The crowd was ecstatic! They screamed themselves hoarse!
So simple! So obvious! So perfect! OF COURSE!
They danced with abandon! Shot into the air!
(A few found that they could do nothing but stare.)

“And just to make sure no one provokes our anger
“We will build a new weapon – the KA-BLEWIE-KER-BANGER!!
“The biggest! The best! An explosion so YUGE
“That when I say ‘Jump,’ no one will refuse!

“America, thank you for making this choice!
“People around the world heard your voice!
“You need have no fear, you need only agree
“You need only one thing, and that thing is ME!!”

That’s when we noticed the troops on the stage
The tanks on the street, all precisely arranged
The crowd was escorted in orderly lines
To buses and trains that all left … right on time.
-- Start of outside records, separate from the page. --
(* Let $\mathcal{A}$ be a central and essential arrangement in $\mathbb{Q}^l$ as in the context, with $\lcm$-period $\rho_0$ and constant $q_0$. If $p$ is a prime with $p>q_0$ and $p$ coprime to $\rho_0$, then $\mathcal{A}$ and $\mathcal{A}_p$ are combinatorially equivalent.
   Context: $\mathcal{A}=\{H_1,\dots,H_n\}$: $n$ distinct linear hyperplanes in $\mathbb{Q}^l$ with $\bigcap H_i=\{0\}$, $H_i=\{\alpha_i=0\}$, $\alpha_i=\sum_{k=1}^lc_{ki}x_k$ with $c_{ki}\in\mathbb{Z}$ not all divisible by any prime. $\mathcal{A}_p$ is the family of $n$ hyperplanes $\{(\alpha_i)_p=0\}$ in $\mathbb{F}_p^l$, where $(\alpha_i)_p$ is the reduction mod $p$. Let $C=(c_{ki})\in\mathrm{Mat}_{l\times n}(\mathbb{Z})$ with columns $c_1,\dots,c_n$, and for nonempty $J=\{i_1<\dots<i_k\}\subseteq[n]$ let $C_J=(c_{i_1},\dots,c_{i_k})$. There are unimodular $S_J\in\mathrm{Mat}_{l\times l}(\mathbb{Z})$, $T_J\in\mathrm{Mat}_{k\times k}(\mathbb{Z})$ with $S_JC_JT_J$ equal to the Smith normal form, having diagonal block $\mathrm{diag}(e_{J,1},\dots,e_{J,r})$, $e_{J,i}>0$, $e_{J,1}\mid\dots\mid e_{J,r}$, $r=\mathrm{rk}(C_J)$, and zeros elsewhere; set $e(J)=e_{J,r}$. The $\lcm$-period is $\rho_0=\lcm\{e(J): J\subseteq[n],\ 1\le|J|\le l\}$. Further $q_0=\max_{\emptyset\ne J\subseteq[n]}\min_{S_J}\max\{|u| : u \text{ an entry of } S_JC_J \text{ or } C_J\}$, the minimum over all such unimodular $S_J$. Two indexed families $\{H^{(1)}_i\}$ in $K_1^l$, $\{H^{(2)}_i\}$ in $K_2^l$ are combinatorially equivalent if $\dim(H^{(1)}_{i_1}\cap\dots\cap H^{(1)}_{i_k})=\dim(H^{(2)}_{i_1}\cap\dots\cap H^{(2)}_{i_k})$ for all $i_1<\dots<i_k$. *)

From HB Require Import structures.
From mathcomp Require Import all_boot all_order all_algebra.
From Stdlib Require Import ClassicalEpsilon.
Set Implicit Arguments. Unset Strict Implicit. Unset Printing Implicit Defensive.
Import Order.TTheory GRing.Theory Num.Theory.
Local Open Scope ring_scope.

(* The arrangement is given by the integer coefficient matrix C : 'M[int]_(l, n);
   column i holds the coefficients c_{1i},...,c_{li} of alpha_i. *)

Definition subcols (l n : nat) (C : 'M[int]_(l, n)) (J : {set 'I_n})
  : 'M[int]_(l, #|J|) := \matrix_(i, j) C i (enum_val j).

Definition is_snf (a b : nat) (D : 'M[int]_(a, b)) (d : seq nat) : bool :=
  [&& all (fun x => 0 < x)%N d, sorted dvdn d, (size d <= minn a b)%N &
      D == \matrix_(i, j) (if (i == j :> nat) && (i < size d)%N
                           then (nth 0%N d i)%:Z else 0)].

Definition snf_of (l n : nat) (C : 'M[int]_(l, n)) (J : {set 'I_n})
  (S : 'M[int]_l) (T : 'M[int]_#|J|) (d : seq nat) : Prop :=
  S \in unitmx /\ T \in unitmx /\ is_snf (S *m subcols C J *m T) d.

Definition eJ (l n : nat) (C : 'M[int]_(l, n)) (J : {set 'I_n}) : nat :=
  last 0%N (epsilon (inhabits [::])
    (fun d => exists S T, @snf_of l n C J S T d)).

Definition rho0 (l n : nat) (C : 'M[int]_(l, n)) : nat :=
  \big[lcmn/1%N]_(J : {set 'I_n} | (0 < #|J| <= l)%N) eJ C J.

Definition entry_bound (l n : nat) (C : 'M[int]_(l, n)) (J : {set 'I_n})
  (S : 'M[int]_l) : nat :=
  \max_(i < l) \max_(j < #|J|)
     maxn (absz ((S *m subcols C J) i j)) (absz (subcols C J i j)).

Definition min_bound (l n : nat) (C : 'M[int]_(l, n)) (J : {set 'I_n}) : nat :=
  let P := fun m : nat => exists S T d, @snf_of l n C J S T d /\
                                       entry_bound C J S = m in
  epsilon (inhabits 0%N) (fun m => P m /\ forall m', P m' -> (m <= m')%N).

Definition q0 (l n : nat) (C : 'M[int]_(l, n)) : nat :=
  \max_(J : {set 'I_n} | J != set0) min_bound C J.

(* The hyperplane H_i = {x : alpha_i(x) = 0} over a field K, as a row space
   (x a row vector, alpha_i(x) = x *m col i A). *)
Definition hyp (K : fieldType) (l n : nat) (A : 'M[K]_(l, n)) (i : 'I_n) :=
  kermx (col i A).

Definition inter_hyps (K : fieldType) (l n : nat) (A : 'M[K]_(l, n))
  (J : {set 'I_n}) := (\bigcap_(i in J) hyp A i)%MS.

Definition comb_equiv (K1 K2 : fieldType) (l n : nat)
  (A1 : 'M[K1]_(l, n)) (A2 : 'M[K2]_(l, n)) : Prop :=
  forall J : {set 'I_n}, J != set0 ->
    \rank (inter_hyps A1 J) = \rank (inter_hyps A2 J).

Definition AQ (l n : nat) (C : 'M[int]_(l, n)) : 'M[rat]_(l, n) :=
  map_mx (fun z : int => z%:~R) C.
Definition Ap (p l n : nat) (C : 'M[int]_(l, n)) : 'M['F_p]_(l, n) :=
  map_mx (fun z : int => z%:~R) C.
when we returned from the hanging

when we returned from the hanging
we were giddy with bile and with blood
at last the rascals had met their fate
the triumph of justice & good
we screamed out our rage as they pleaded
we laughed at their piteous cries
we cheered as we watched their dangling feet
and rejoiced as each one of them died
we staggered home drunk with our righteousness
and stared as we opened the doors
the hangman’s men had raided our homes
and emptied out all of our stores

Yoga in a toga (limerick)

A Roman clad only in toga
Attempted to do hatha yoga
Things were going quite grand,
Till he tried shoulder stand
With results that were crude, crass, and vulga.